UPDATE: Personal privacy in developed countries is disappearing faster than the polar ice caps. The rapid growth in the number and breadth of databases, the continuing drop in the costs of information processing, the spread of cheap sensors and of self-identification practices, all have combined to make this the era of Big Data. Much like global warming, drift-net data collection and collation creates widespread harms substantially caused by actions not visible to most of those affected. Both the private sector and the government find value in collecting vast amounts of information about everyone: firms collect personal data for marketing and revenue maximization; governments collect personal data for everything from efficiency to security. Practically nothing and nowhere is exempt: Data are collected in the home, from cell phones, online, and in public spaces. Market failures, information asymmetries – including, we have recently learned, a stunning lack of government transparency about domestic surveillance – and collective action problems characterize many aspects of the current privacy crisis, much as they did the environmental problem in the 1960s.
Modeling mass surveillance disclosure regulations on an updated form of environmental impact statement will help protect everyone’s privacy. Mandating disclosure and impact analysis by those proposing to watch us in and through public spaces will enable an informed conversation about privacy in public.
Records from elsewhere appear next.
Lemma all_auts_induced_isog_GAutX2 : k.*2 == n ->
  all_isos_induced e e k <-> GAut (tok e k) \isog setX (GAut e) [set: 'Z_2].
Proof.
move=> half; have half_true : (k.*2 == #|V|) by rewrite cardV.
apply: (@all_auts_induced_isog _ _ _ _ (setX_group (GAut_group e) [set: 'Z_2]%G)
  (fun x => tok_perm k x.1 (odd x.2)) (fun x => x.1)).
- by move=> [s b] [t c] _ _ /=; rewrite -tok_permM odd_mulZ2.
- move=> [s b] [t c] _ _ /= /(tok_perm_inj cardV k_bounds n_ge3)[-> bc].
  by congr pair; apply: odd_Z2_inj; move: bc; rewrite half_true !andbT.
- by move=> [s b]; rewrite inE /= => /andP[sA _]; split=> //; apply: tok_perm_induced.
move=> p pA s sI s_ind; have [t tA ts] := iso_GAut sI; apply/imsetP.
case: s_ind => E.
  exists (t, 1%g); first by rewrite inE /= tA inE.
  apply/permP => A; apply: val_inj.
  by rewrite val_tok_perm E /=; apply: eq_imset => x; rewrite ts.
exists (t, Ordinal (isT : 1 < 2)); first by rewrite inE /= tA inE.
apply/permP => A; apply: val_inj.
by rewrite val_tok_perm E /= half_true; congr (~: _); apply: eq_imset => x; rewrite ts.
Qed.

End AutTokGraph.

Unset Implicit Arguments.

Theorem theorem9 (V W : finType) (e : rel V) (h : rel W) (n k : nat) :
  simple_graph e -> simple_graph h ->
  (exists g : W -> V, is_iso h e g) ->
  #|V| = n -> 3 <= n -> 1 <= k <= n - 1 ->
  [<->
   (* 1 *) uniquely_reconstructible (tok e k) e k;
   (* 2 *) (if k.*2 == n
            then GAut (tok e k) \isog setX (GAut e) [set: 'Z_2]
            else GAut (tok e k) \isog GAut e);
   (* 3 *) (forall psi : ksub W k -> ksub V k, is_iso (tok h k) (tok e k) psi ->
            exists fpsi : W -> V, is_iso h e fpsi /\
              ((forall A, val (psi A) = iota_set fpsi (val A)) \/
               (forall A, val (psi A) = compl_set (iota_set fpsi (val A)))));
   (* 4 *) (exists f : (ksub W k -> ksub V k) -> (W -> V),
            forall psi : ksub W k -> ksub V k, is_iso (tok h k) (tok e k) psi ->
            forall u : W,
              psi @: kappa u k = kappa (f psi u) k \/
              psi @: kappa u k = kappabar (f psi u) k)].
Proof.
move=> e_simple h_simple [g gI] cardV n_ge3 k_bounds.
have cardW : #|W| = n by rewrite -cardV; exact: bij_eq_card gI.1.
have [g' [g'I _ _]] := iso_inv gI.
have recE := reconstructible_iff_all_auts_induced e k.
have isogE : all_isos_induced e e k <-> (if k.*2 == n
    then GAut (tok e k) \isog setX (GAut e) [set: 'Z_2]
    else GAut (tok e k) \isog GAut e).
  case: ifP => half; first exact: all_auts_induced_isog_GAutX2 cardV n_ge3 k_bounds half.
  by apply: all_auts_induced_isog_GAut cardV n_ge3 k_bounds _; rewrite half.
split; [|split; [|split]].
- by move/recE/isogE.
- by move/isogE; apply: all_isos_induced_precomp gI.
- exact: all_isos_induced_kappa_images g.
- case=> f f_kappa; apply/recE; apply: all_isos_induced_precomp g'I _.
  exact: kappa_images_all_isos_induced e_simple h_simple cardV cardW n_ge3 k_bounds f_kappa.
Qed.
Additionally, the need to build in consideration of the consequences of surveillance into project planning, as well as the danger of bad publicity arising from excessive surveillance proposals, will act as a counterweight to the adoption of mass data collection projects, just as it did in the environmental context. In the long run, well-crafted disclosure and analysis rules could pave the way for more systematic protection for privacy – as it did in the environmental context. Effective US substantive regulation will require the regulator to know a great deal about who and what is being recorded and about the costs and benefits of personal information acquisition and uses. At present we know relatively little about how to measure these; the privacy equivalent of the environmental impact statement will not only provide case studies, but occasions to grow expertise.
Environmental impact statements may be out of fashion today, but they played an important role in educating the public, policy-makers, and also builders about environmental risks and costs, especially in the early days of environmental regulation. In the US, these are still the early days of privacy regulation. We can apply what we have learned from more than thirty years of environmental disclosures to craft a better regime for disclosure, and thus analysis and debate, of the rapidly increasing number of public and private projects that involve mass surveillance.
Part I of this article gives examples of mass surveillance activities drawn from both the private and public sectors. It argues that mass surveillance is already very great, is growing, and that it is difficult to monitor and poorly understood. This Part also discusses how the deployment of privacy-destroying technology can be seen as a form of market failure. Part I then provides the context for the argument that follows. It briefly surveys the limited and inadequate doctrinal legal tools available to respond to the deployment of mass surveillance technologies and notes the existence of a wide gap when it comes to surveillance in or through public spaces. Then it provides a very quick summary of the Privacy Impact Notice (PINs) proposal, noting that the aim of this article is to make the case in principle for the utility and validity of Privacy Impact Notices without tying the argument to any particular level of coverage.
Part II first explains how, with the National Environmental Policy Act of 1969 (NEPA), environmental law responded to a similar set of market failure problems relating to physical harms to the environment. It outlines the main features of the Environmental Impact Statement (EIS) requirement for environmentally sensitive projects and then argues that we can learn from NEPA’s successes and defects in order to craft a Privacy Impact Notice (PIN) requirement triggered by plans to engage in mass surveillance. It contrasts the PIN proposal to the existing, much more limited, federal privacy analysis requirement, known as Privacy Impact Assessments. Part II also provides an initial sketch of what a PIN proposal would cover, in particular which sorts of activities would have presumptive safe harbors and which would likely be subject to the most thorough analysis and disclosure requirements. The final section of Part II examines whether the PINs proposal would have applications to surveillance and data-collection in online public spaces such as Facebook, Twitter, and other virtual spaces. It also considers what the PINs proposal would have to offer towards addressing the now-notorious problem of the NSA’s drift-net surveillance of telephone conversations, emails, and web-based communications.